Try to come up with a scene that would best demonstrate or intensify this conflict. How does it play out when they make love?

What does it say that the passion between them is strong enough to bring them together despite this conflict?

To make it more believable that they would fall in love despite all these forces, you have to make the love scenes themselves as intense as possible. Each scene should deepen the attraction and passion between the couple so the reader can literally watch their love grow.

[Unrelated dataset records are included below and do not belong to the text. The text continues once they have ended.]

Lemma zero_forcing_beams (H : 'M[C]_(K, L)) :
  (forall f : {ffun 'I_L -> 'I_K}, injective f -> \det (rowsub f H) != 0) ->
  exists beam : T -> 'I_K -> 'cV[C]_L,
    forall tau w, served tau w -> zero_forcing_beam H tau w (beam tau w).
Proof.
move=> minors; suff /fin_all_exists [beam beam_zf] : forall q : T * 'I_K,
    exists v, served q.1 q.2 -> zero_forcing_beam H q.1 q.2 v.
  by exists (fun tau w => beam (tau, w)) => tau w; apply: (beam_zf (tau, w)).
move=> [tau w] /=; case served_w: (served tau w); last by exists 0.
have w_int : w \in interferers tau w by rewrite inE served_w sent_uncached.
have [v zf] := zero_forcing minors L_le_K w_int (interferers_le served_w).
by exists v.
Qed.

Section Delivery.

Variable H : 'M[C]_(K, L).
Variable beam : T -> 'I_K -> 'cV[C]_L.
Hypothesis beam_zf : forall tau w, served tau w -> zero_forcing_beam H tau w (beam tau w).
Variable d : 'I_K -> 'I_N.

Definition precoders (i : 'I_#|T|) (p : 'I_N * 'I_F) : 'cV[C]_L :=
  let tau := enum_val i in
  \sum_(w | served tau w && ((d w, sent tau w) == p)) beam tau w.

Lemma received_precoders W k i : let tau := enum_val i in
  received H precoders W k i =
  \sum_(w | served tau w) W (d w, sent tau w) * (row k H *m beam tau w) 0 0.
Proof.
move=> tau; rewrite /received /transmit /precoders -/tau.
under eq_bigr => p _ do rewrite scaler_sumr.
rewrite (exchange_big_dep (served tau)) /=; last by move=> p w _ /andP[].
rewrite (eq_bigr (fun w => W (d w, sent tau w) *: beam tau w)) => [|w served_w].
  by rewrite mulmx_sumr summxE; apply: eq_bigr => w _; rewrite -scalemxAr mxE.
by rewrite (big_pred1 (d w, sent tau w)) // => p; rewrite served_w eq_sym.
Qed.

Lemma precoders_decodable k : decodable H cache_of d precoders k.
Proof.
move=> W W' sameW sameY j.
case cached_kj: (cached k j); first by apply: sameW; rewrite inE.
have [tau served_k sent_k] := delivery_complete (negbT cached_kj).
have := sameY (enum_rank tau); rewrite !received_precoders enum_rankK.
rewrite (bigD1 k served_k) [in RHS](bigD1 k served_k) /=.
have [-> _] := beam_zf served_k; rewrite !mulr1 sent_k.
set R := \sum_(w | _) _; set R' := \sum_(w | _) _.
suff -> : R = R' by move/addIr.
apply: eq_bigr => w /andP[served_w neq_w].
case cached_kw: (cached k (sent tau w)); first by rewrite sameW // inE.
have k_int : k \in interferers tau w by rewrite inE served_k cached_kw.
have [_ zf] := beam_zf served_w.
by rewrite zf ?mulr0 // eq_sym.
Qed.

End Delivery.

Theorem scheme_of_design : scheme_exists K L N M F #|T|.
Proof.
exists cache_of; split => //.
exists (full_minors_poly K L); split; first exact: full_minors_poly_neq0.
move=> H /full_minors_neq0 /zero_forcing_beams [beam beam_zf] d.
by exists (precoders beam d) => k; apply: precoders_decodable.
Qed.

End DesignToScheme.
Section CyclicDesign.

Variables (K N g tp Lp m : nat).
Local Notation Kp := (tp + m.+1 * (tp + Lp)).
Local Notation offset := (cyc_offset Kp).
Hypothesis K_eq : K = g * Kp.
Hypothesis tp_le_Lp : tp <= Lp.
Hypothesis Lp_gt0 : 0 < Lp.

Definition block_start (k : nat) : nat := tp + k * (tp + Lp).

Definition cyc_cached (u : 'I_K) (j : 'I_Kp) : bool := offset j u < tp.

Definition cyc_served (tau : 'I_m.+1 * 'I_Kp) (u : 'I_K) : bool :=
  let c := block_start tau.1 in
  (offset tau.2 u < tp) || (c <= offset tau.2 u < c + Lp).

Definition cyc_sent (tau : 'I_m.+1 * 'I_Kp) (u : 'I_K) : 'I_Kp :=
  if offset tau.2 u < tp then ord_shift tau.2 (block_start tau.1) else tau.2.

Lemma Kp_gt0 : 0 < Kp.
Proof. lia. Qed.

Lemma block_end_le (k : 'I_m.+1) : block_start k + (tp + Lp) <= Kp.
Proof. have := ltn_ord k; rewrite /block_start; nia. Qed.

Lemma card_cyc_cache u : #|cache_of N cyc_cached u| <= N * tp.
Proof.
apply: (card_le_inj_bounded (f := fun p : 'I_N * 'I_Kp => p.1 + N * offset p.2 u)).
  by move=> [i j] [i' j'] _ _ /= /euclid_unique[] // /val_inj -> /cyc_offset_inj ->.
by move=> [i j]; rewrite inE /cyc_cached /= => ?; have := ltn_ord i; nia.
Qed.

You do that by using sensory detail. Each love scene should make mention of some kind of sensory detail in every paragraph, whether it’s taste, smell, hearing, or touch. How does it feel when he licks her nipples or clit? How does she taste to him? How do those sensations make him feel? What’s the texture of his skin, or the smell of his hair?

Concentrate on the emotional impact of those sensations. Make those reactions as intense as possible.

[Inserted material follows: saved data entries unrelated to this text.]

(* Let $S\subseteq M_n$ and $T\subseteq M_{n'}$ be noncommutative graphs. Then (1) for every $n\times n$ unitary matrix $U$, $\mathcal{H}(S)=\mathcal{H}(U^\dagger SU)$, where $U^\dagger SU=\{U^\dagger AU: A\in S\}$; and (2) $\mathcal{H}(S\oplus T)=\mathcal{H}(S)+\mathcal{H}(T)$, where $S\oplus T=\{A\oplus B: A\in S, B\in T\}\subseteq M_{n+n'}$ is the space of block-diagonal matrices.
   Context: All scalars are complex; $M_n$ denotes complex $n\times n$ matrices. A noncommutative graph is a linear subspace $S\subseteq M_n$ that contains $I_n$ and is closed under conjugate transpose. For a subspace $S\subseteq M_n$, $M_m(S)$ denotes the set of $m\times m$ block matrices $B=[B_{i,j}]_{i,j\in[m]}$ with every block $B_{i,j}\in S$, viewed as elements of $M_{mn}$. The Haemers bound is $\mathcal{H}(S)=\min\{\mathrm{rk}(B):\ m\in\mathbb{N},\ B\in M_m(S),\ \sum_{i=1}^m B_{i,i}=I_n\}$. *)

From HB Require Import structures.
From mathcomp Require Import all_boot all_order all_algebra.
From mathcomp Require Import boolp.
From mathcomp Require Import complex.
From mathcomp Require Import Rstruct.
Set Implicit Arguments. Unset Strict Implicit. Unset Printing Implicit Defensive.
Import Order.TTheory GRing.Theory Num.Theory.
Local Open Scope ring_scope.

Definition C : Type := complex Rdefinitions.R.

Definition adj {m n : nat} (A : 'M[C]_(m, n)) : 'M[C]_(n, m) :=
  (map_mx (fun z : C => z^*) A)^T.

Definition unitary {n : nat} (U : 'M[C]_n) : Prop :=
  adj U *m U = 1%:M /\ U *m adj U = 1%:M.

Definition ncgraph {n : nat} (S : {vspace 'M[C]_n}) : Prop :=
  (1%:M \in S) /\ (forall A, A \in S -> adj A \in S).

Definition conjsp {n : nat} (U : 'M[C]_n) (S : {vspace 'M[C]_n}) : {vspace 'M[C]_n} :=
  (linfun (fun A : 'M[C]_n => adj U *m A *m U) @: S)%VS.

(* S (+) T = { A (+) B : A in S, B in T }
   = { A (+) 0 : A in S } + { 0 (+) B : B in T } *)
Definition dsumsp {n n' : nat} (S : {vspace 'M[C]_n}) (T : {vspace 'M[C]_n'})
  : {vspace 'M[C]_(n + n')} :=
  (linfun (fun A : 'M[C]_n => block_mx A 0 0 (0 : 'M[C]_n')) @: S
   + linfun (fun B : 'M[C]_n' => block_mx (0 : 'M[C]_n) 0 0 B) @: T)%VS.

Definition haemers_feasible {n : nat} (S : {vspace 'M[C]_n}) (r : nat) : Prop :=
  exists (m : nat) (F : 'I_m -> 'I_m -> 'M[C]_n),
    (forall i j, F i j \in S) /\
    \sum_(i < m) F i i = 1%:M /\
    \rank (\mxblock_(i < m, j < m) F i j) = r.

Lemma haemers_ex_asbool {n : nat} (S : {vspace 'M[C]_n}) :
  (exists r, haemers_feasible S r) -> exists r, `[< haemers_feasible S r >].
Proof. by case=> r hr; exists r; apply/asboolP. Qed.

(* H(S) = min of the feasible ranks (0 by convention if there are none,
   which never happens for a noncommutative graph). *)
Definition haemers {n : nat} (S : {vspace 'M[C]_n}) : nat :=
  match pselect (exists r, haemers_feasible S r) with
  | left ex => ex_minn (haemers_ex_asbool ex)
  | right _ => 0%N
  end.

From HB Require Import structures.
From mathcomp Require Import all_boot all_order all_algebra.
From mathcomp Require Import boolp complex Rstruct.
Set Implicit Arguments. Unset Strict Implicit. Unset Printing Implicit Defensive.
Import Order.TTheory GRing.Theory Num.Theory.
Local Open Scope ring_scope.

(* The Haemers bound can only drop under compression: if [X *m Y = 1] and
   [X A Y \in S'] for every [A \in S], then compressing a feasible block matrix
   [[B_ij]] for [S] blockwise to [[X B_ij Y] = (I (x) X) [B_ij] (I (x) Y)] yields
   a feasible matrix for [S'] of no larger rank.  Unitary conjugation and its
   inverse are such compressions, which gives (1).  For (2), compressing a
   feasible matrix for [S (+) T] by the two diagonal projections yields feasible
   matrices for [S] and [T]; they are the diagonal blocks of one compression of
   it whose off-diagonal blocks vanish, so their ranks add up to at most its
   rank.  Conversely, feasible matrices for [S] and [T] placed side by side
   along the index set ['I_(m + m')] form a feasible matrix for [S (+) T] whose
   rank is at most the sum of theirs. *)

Section BlockReindex.
Variables (R : pzRingType) (m m2 : nat) (g : 'I_m2 -> option 'I_m).

(* [reindex_mx g X] is the Kronecker product [P_g (x) X] of the 0/1 matrix of
   the partial map [g] with [X]; [reindex_trmx g Y] is [P_g^T (x) Y]. *)
Definition reindex_mx p q (X : 'M[R]_(p, q)) : 'M_(\sum_(k < m2) p, \sum_(i < m) q) :=
  \mxblock_(k < m2, i < m) (if g k == Some i then X else 0).

Definition reindex_trmx p q (Y : 'M[R]_(p, q)) : 'M_(\sum_(i < m) p, \sum_(k < m2) q) :=
  \mxblock_(i < m, k < m2) (if g k == Some i then Y else 0).

Definition reindex_block p q p2 q2 (X : 'M[R]_(p2, p)) (F : 'I_m -> 'I_m -> 'M[R]_(p, q))
    (Y : 'M[R]_(q, q2)) (k l : 'I_m2) : 'M[R]_(p2, q2) :=
  if (g k, g l) is (Some i, Some j) then X *m F i j *m Y else 0.

Lemma sum_reindex_mulmx p q r (X : 'M[R]_(p, q)) (G : 'I_m -> 'M[R]_(q, r)) k :
  \sum_(i < m) (if g k == Some i then X else 0) *m G i = oapp (fun i => X *m G i) 0 (g k).
Proof.
case: (g k) => [i0|] /=; last by rewrite big1 // => i _; rewrite mul0mx.
rewrite (bigD1 i0) //= eqxx big1 ?addr0 // => i /negPf ne.
by rewrite -[Some i0 == _]/(i0 == i) eq_sym ne mul0mx.
Qed.

Lemma sum_mulmx_reindex p q r (G : 'I_m -> 'M[R]_(p, q)) (Y : 'M[R]_(q, r)) l :
  \sum_(j < m) G j *m (if g l == Some j then Y else 0) = oapp (fun j => G j *m Y) 0 (g l).
Proof.
case: (g l) => [j0|] /=; last by rewrite big1 // => j _; rewrite mulmx0.
rewrite (bigD1 j0) //= eqxx big1 ?addr0 // => j /negPf ne.
by rewrite -[Some j0 == _]/(j0 == j) eq_sym ne mulmx0.
Qed.

Lemma mxblock_reindexE p q p2 q2 (X : 'M[R]_(p2, p)) (F : 'I_m -> 'I_m -> 'M[R]_(p, q))
    (Y : 'M[R]_(q, q2)) :
  \mxblock_(k, l) reindex_block X F Y k l
    = reindex_mx X *m \mxblock_(i, j) F i j *m reindex_trmx Y.
Proof.
rewrite /reindex_mx /reindex_trmx !mul_mxblock; apply/eq_mxblock => k l.
under eq_bigr do rewrite sum_reindex_mulmx.
rewrite sum_mulmx_reindex /reindex_block.
by case: (g k) => [i|]; case: (g l) => [j|] //=; rewrite mul0mx.
Qed.

End BlockReindex.

Lemma mxblock_compressE (R : pzRingType) m p q p2 q2 (X : 'M[R]_(p2, p))
    (F : 'I_m -> 'I_m -> 'M[R]_(p, q)) (Y : 'M[R]_(q, q2)) :
  \mxblock_(i, j) (X *m F i j *m Y)
    = reindex_mx Some X *m \mxblock_(i, j) F i j *m reindex_trmx Some Y.
Proof. exact: (mxblock_reindexE Some). Qed.

Lemma mxrank_mxblock_reindex (F : fieldType) m m2 (g : 'I_m2 -> option 'I_m) p q p2 q2
    (X : 'M[F]_(p2, p)) (A : 'I_m -> 'I_m -> 'M[F]_(p, q)) (Y : 'M[F]_(q, q2)) :
  (\rank (\mxblock_(k, l) reindex_block g X A Y k l) <= \rank (\mxblock_(i, j) A i j))%N.
Proof.
rewrite mxblock_reindexE.
exact: leq_trans (mxrankM_maxl _ _) (mxrankM_maxr _ _).
Qed.

Lemma mxrank_mxblock_compress (F : fieldType) m p q p2 q2
    (X : 'M[F]_(p2, p)) (A : 'I_m -> 'I_m -> 'M[F]_(p, q)) (Y : 'M[F]_(q, q2)) :
  (\rank (\mxblock_(i, j) (X *m A i j *m Y)) <= \rank (\mxblock_(i, j) A i j))%N.
Proof. exact: (mxrank_mxblock_reindex Some). Qed.

Section BlockProjections.
Variables (R : pzRingType) (n n' : nat).

Definition lproj_mx : 'M[R]_(n, n + n') := row_mx 1%:M 0.
Definition rproj_mx : 'M[R]_(n', n + n') := row_mx 0 1%:M.

Lemma lproj_mxT : lproj_mx^T = col_mx 1%:M 0.
Proof. by rewrite tr_row_mx trmx1 trmx0. Qed.

Lemma rproj_mxT : rproj_mx^T = col_mx 0 1%:M.
Proof. by rewrite tr_row_mx trmx1 trmx0. Qed.

Lemma compress_block_mx (a : 'M[R]_n) b c (d : 'M[R]_n') :
  [/\ lproj_mx *m block_mx a b c d *m lproj_mx^T = a,
      lproj_mx *m block_mx a b c d *m rproj_mx^T = b,
      rproj_mx *m block_mx a b c d *m lproj_mx^T = c
    & rproj_mx *m block_mx a b c d *m rproj_mx^T = d].
Proof.
rewrite lproj_mxT rproj_mxT /lproj_mx /rproj_mx !mul_row_block !mul_row_col.
by split; rewrite !mul1mx !mul0mx !mulmx1 !mulmx0 ?addr0 ?add0r.
Qed.

Lemma expand_lproj_mx (a : 'M[R]_n) : lproj_mx^T *m a *m lproj_mx = block_mx a 0 0 0.
Proof.
by rewrite lproj_mxT /lproj_mx mul_col_mx mul_col_row ?mul1mx ?mul0mx ?mulmx1 ?mulmx0.
Qed.

Lemma expand_rproj_mx (b : 'M[R]_n') : rproj_mx^T *m b *m rproj_mx = block_mx 0 0 0 b.
Proof.
by rewrite rproj_mxT /rproj_mx mul_col_mx mul_col_row ?mul1mx ?mul0mx ?mulmx1 ?mulmx0.
Qed.

Lemma lproj_mxK : lproj_mx *m lproj_mx^T = 1%:M.
Proof. by rewrite lproj_mxT /lproj_mx mul_row_col mulmx1 mul0mx addr0. Qed.

Lemma rproj_mxK : rproj_mx *m rproj_mx^T = 1%:M.
Proof. by rewrite rproj_mxT /rproj_mx mul_row_col mulmx1 mul0mx add0r. Qed.

End BlockProjections.

Lemma memv_img_linfunP (aT rT : vectType C) (f : aT -> rT) (U : {vspace aT}) y :
  linear f -> reflect (exists2 x, x \in U & y = f x) (y \in (linfun f @: U)%VS).
Proof.
move=> f_lin; pose lf : {linear aT -> rT} := HB.pack f (GRing.isLinear.Build _ _ _ _ f f_lin).
by apply: (iffP memv_imgP) => -[x Ux ->]; exists x; rewrite // (lfunE lf).
Qed.

Section Haemers.
Variable n : nat.
Implicit Types S : {vspace 'M[C]_n}.

Lemma haemers_feasible_unit S : 1%:M \in S -> exists r, haemers_feasible S r.
Proof.
move=> S1; exists (\rank (\mxblock_(i < 1, j < 1) (1%:M : 'M[C]_n))).
by exists 1%N, (fun _ _ => 1%:M); rewrite big_ord1.
Qed.

Lemma haemers_min S r : haemers_feasible S r -> (haemers S <= r)%N.
Proof.
move=> Sr; rewrite /haemers; case: pselect => [ex|[]]; last by exists r.
by case: ex_minnP => r0 _; apply; apply/asboolP.
Qed.

Lemma feasible_haemers S : 1%:M \in S -> haemers_feasible S (haemers S).
Proof.
move=> /haemers_feasible_unit ex; rewrite /haemers; case: pselect => // ex'.
by case: ex_minnP => r /asboolP.
Qed.

End Haemers.

Lemma haemers_feasible_mxblock_compress n n2 (S' : {vspace 'M[C]_n2}) m
    (A : 'I_m -> 'I_m -> 'M[C]_n) (X : 'M[C]_(n2, n)) (Y : 'M[C]_(n, n2)) :
  X *m Y = 1%:M -> \sum_(i < m) A i i = 1%:M -> (forall i j, X *m A i j *m Y \in S') ->
  haemers_feasible S' (\rank (\mxblock_(i, j) (X *m A i j *m Y))).
Proof.
move=> XY sumA XAY; exists m, (fun i j => X *m A i j *m Y); split=> //.
by rewrite -mulmx_suml -mulmx_sumr sumA mulmx1 XY.
Qed.

Lemma haemers_compress n n2 (S : {vspace 'M[C]_n}) (S' : {vspace 'M[C]_n2})
    (X : 'M[C]_(n2, n)) (Y : 'M[C]_(n, n2)) :
  1%:M \in S -> X *m Y = 1%:M -> (forall A, A \in S -> X *m A *m Y \in S') ->
  (haemers S' <= haemers S)%N.
Proof.
move=> S1 XY XSY; have [m [A [SA [sumA <-]]]] := feasible_haemers S1.
apply: leq_trans (haemers_min _) (mxrank_mxblock_compress X A Y).
by apply: haemers_feasible_mxblock_compress => // i j; apply: XSY.
Qed.

Section Conjugation.
Variables (n : nat) (U : 'M[C]_n).

Lemma conj_linear : linear (fun A : 'M[C]_n => adj U *m A *m U).
Proof. by move=> a A B /=; rewrite mulmxDr mulmxDl -scalemxAr -scalemxAl. Qed.

Lemma conjspP (S : {vspace 'M[C]_n}) B :
  reflect (exists2 A, A \in S & B = adj U *m A *m U) (B \in conjsp U S).
Proof. exact/memv_img_linfunP/conj_linear. Qed.

Lemma haemers_conjsp (S : {vspace 'M[C]_n}) :
  1%:M \in S -> unitary U -> haemers (conjsp U S) = haemers S.
Proof.
move=> S1 [UU' U'U].
have conjS A : A \in S -> adj U *m A *m U \in conjsp U S.
  by move=> SA; apply/conjspP; exists A.
apply/eqP; rewrite eqn_leq (haemers_compress S1 UU' conjS) /=.
apply: (haemers_compress (X := U) (Y := adj U)) => // [|_ /conjspP[A SA ->]].
  by apply/conjspP; exists 1%:M; rewrite ?mulmx1.
by rewrite !mulmxA U'U mul1mx -mulmxA U'U mulmx1.
Qed.

End Conjugation.

Section DirectSum.
Variables (n n' : nat) (S : {vspace 'M[C]_n}) (T : {vspace 'M[C]_n'}).

Lemma block_lin_l : linear (fun A : 'M[C]_n => block_mx A 0 0 (0 : 'M[C]_n')).
Proof. by move=> a A B; rewrite scale_block_mx add_block_mx !scaler0 !addr0. Qed.

Lemma block_lin_r : linear (fun B : 'M[C]_n' => block_mx (0 : 'M[C]_n) 0 0 B).
Proof. by move=> a A B; rewrite scale_block_mx add_block_mx !scaler0 !addr0. Qed.

Lemma dsumspP G :
  reflect (exists a b, [/\ a \in S, b \in T & G = block_mx a 0 0 b]) (G \in dsumsp S T).
Proof.
apply: (iffP memv_addP) => [|[a [b [Sa Tb ->]]]].
  move=> [_ /memv_img_linfunP-/(_ block_lin_l)[a Sa ->]].
  move=> [_ /memv_img_linfunP-/(_ block_lin_r)[b Tb ->] ->].
  by exists a, b; rewrite add_block_mx !addr0 add0r.
exists (block_mx a 0 0 0); first by apply/memv_img_linfunP; [apply: block_lin_l | exists a].
exists (block_mx 0 0 0 b); first by apply/memv_img_linfunP; [apply: block_lin_r | exists b].
by rewrite add_block_mx !addr0 add0r.
Qed.

Lemma mem_dsumsp a b : a \in S -> b \in T -> block_mx a 0 0 b \in dsumsp S T.
Proof. by move=> Sa Tb; apply/dsumspP; exists a, b. Qed.

Lemma unit_dsumsp : 1%:M \in S -> 1%:M \in T -> 1%:M \in dsumsp S T.
Proof. by move=> S1 T1; rewrite (scalar_mx_block n n'); apply: mem_dsumsp. Qed.

Lemma compress_dsumsp G : G \in dsumsp S T ->
  let L := lproj_mx C n n' in let R := rproj_mx C n n' in
  [/\ L *m G *m L^T \in S, R *m G *m R^T \in T, L *m G *m R^T = 0 & R *m G *m L^T = 0].
Proof.
by move=> /dsumspP[a [b [Sa Tb ->]]] /=; have [-> -> -> ->] := compress_block_mx a 0 0 b.
Qed.

Lemma haemers_dsumsp_le :
  1%:M \in S -> 1%:M \in T -> (haemers (dsumsp S T) <= haemers S + haemers T)%N.
Proof.
move=> S1 T1.
have [m [A [SA [sumA <-]]]] := feasible_haemers S1.
have [m' [B [TB [sumB <-]]]] := feasible_haemers T1.
pose gl (k : 'I_(m + m')) := if split k is inl i then Some i else None.
pose gr (k : 'I_(m + m')) := if split k is inr i then Some i else None.
pose L := lproj_mx C n n'; pose R := rproj_mx C n n'.
(* Laying out [A] and [B] as reindexed compressions makes the rank bound
   an instance of [mxrank_mxblock_reindex]. *)
pose G k l := reindex_block gl L^T A L k l + reindex_block gr R^T B R k l.
have GE k l : G k l = match split k, split l with
    | inl i, inl j => block_mx (A i j) 0 0 0
    | inr i, inr j => block_mx 0 0 0 (B i j)
    | _, _ => 0 end.
  rewrite /G /reindex_block /gl /gr.
  by case: (split k) => i; case: (split l) => j;
    rewrite ?expand_lproj_mx ?expand_rproj_mx ?addr0 ?add0r.
have feasG : haemers_feasible (dsumsp S T) (\rank (\mxblock_(k, l) G k l)).
  exists (m + m'), G; split.
    by move=> k l; rewrite GE; case: (split k) => i; case: (split l) => j;
      rewrite ?mem0v // mem_dsumsp ?mem0v.
  rewrite big_split_ord /=.
  under eq_bigr do rewrite GE (unsplitK (inl _)) -expand_lproj_mx.
  under [X in _ + X]eq_bigr do rewrite GE (unsplitK (inr _)) -expand_rproj_mx.
  rewrite -!mulmx_suml -!mulmx_sumr sumA sumB expand_lproj_mx expand_rproj_mx.
  by rewrite add_block_mx !addr0 add0r -scalar_mx_block.
apply: leq_trans (haemers_min feasG) _; rewrite /G mxblockD.
by apply: leq_trans (mxrank_add _ _) (leq_add _ _); apply: mxrank_mxblock_reindex.
Qed.

Lemma haemers_dsumsp_ge :
  1%:M \in S -> 1%:M \in T -> (haemers S + haemers T <= haemers (dsumsp S T))%N.
Proof.
move=> S1 T1; have [m [G [STG [sumG <-]]]] := feasible_haemers (unit_dsumsp S1 T1).
pose L := lproj_mx C n n'; pose R := rproj_mx C n n'.
have feasS : haemers_feasible S (\rank (\mxblock_(i, j) (L *m G i j *m L^T))).
  apply: haemers_feasible_mxblock_compress => // [|i j]; first exact: lproj_mxK.
  by have [] := compress_dsumsp (STG i j).
have feasT : haemers_feasible T (\rank (\mxblock_(i, j) (R *m G i j *m R^T))).
  apply: haemers_feasible_mxblock_compress => // [|i j]; first exact: rproj_mxK.
  by have [] := compress_dsumsp (STG i j).
have offLR : \mxblock_(i, j) (L *m G i j *m R^T) = 0.
  by rewrite -mxblock0; apply/eq_mxblock => i j; have [] := compress_dsumsp (STG i j).
have offRL : \mxblock_(i, j) (R *m G i j *m L^T) = 0.
  by rewrite -mxblock0; apply/eq_mxblock => i j; have [] := compress_dsumsp (STG i j).
apply: leq_trans (leq_add (haemers_min feasS) (haemers_min feasT)) _.
rewrite -rank_diag_block_mx -offLR -offRL !mxblock_compressE -mul_col_row -mul_col_mx.
exact: leq_trans (mxrankM_maxl _ _) (mxrankM_maxr _ _).
Qed.

End DirectSum.

Theorem mainTheorem8 (n n' : nat) (S : {vspace 'M[C]_n}) (T : {vspace 'M[C]_n'}) :
  ncgraph S -> ncgraph T ->
  (forall U : 'M[C]_n, unitary U -> haemers S = haemers (conjsp U S)) /\
  haemers (dsumsp S T) = (haemers S + haemers T)%N.
Proof.
move=> [S1 _] [T1 _]; split=> [U U_unitary|].
  by rewrite haemers_conjsp.
by apply/eqP; rewrite eqn_leq haemers_dsumsp_le ?haemers_dsumsp_ge.
Qed.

Give thought to the setting of the love scene. Location has a strong emotional effect. Hurried, hot love making in public is far different than slow, languorous passion in the bedroom. Use locations which intensify the emotional effect you’re going for, and vary them. Creativity is the key to eroticism in fiction as in life.

Think what kind of props you can use to intensify their emotions. If he’s still afraid of what she’ll do, what if she ties him up? Imagine his combination of fear and intense, kinky desire. And how will he feel when she does nothing except give him fantastic pleasure? He was at her mercy, and she didn’t hurt him. She has proven she can be trusted.

Maybe the bondage scene is the turning point in the relationship – the point where what began in fear and deception starts becoming trust and love.

You MUST have a turning point in the romantic conflict, and it must be as dramatic as possible. When you’re doing a huge 180 in attitude like that, the hardest part is making it believable. The reader has to understand WHY this incident would make the characters view each other in a different light. She also needs to understand why it would shake everybody up.

As a reader, I have read books in which the characters suddenly go from “I hate him,” to “I want to have his baby,” without any explanation at all. Nothing will make me slam a book into a wall faster. You have to motivate these changes in attitude for them to be believable.

The ingredients to one of these huge turning points are: A.) A dramatic incident where the characters confront their fear. (The vampire heroine gets tired of putting up with his paranoia and ties him up and screws his brains out.) B.) The reaction of the character to that scene. “Oh, my GOD! She didn’t kill me! And it was...wonderful. She’s not who I thought she was. She’s HUMAN in all the ways that count. I WAS WRONG ABOUT HER.” C.) A scene that follows that demonstrates the change in his attitude – maybe the next time they make love, he’s tender with her, not just hot and horny.

In the scenes that follow this turning point, their love becomes more intense, the tenderness in their actions grows, their kisses become more passionate.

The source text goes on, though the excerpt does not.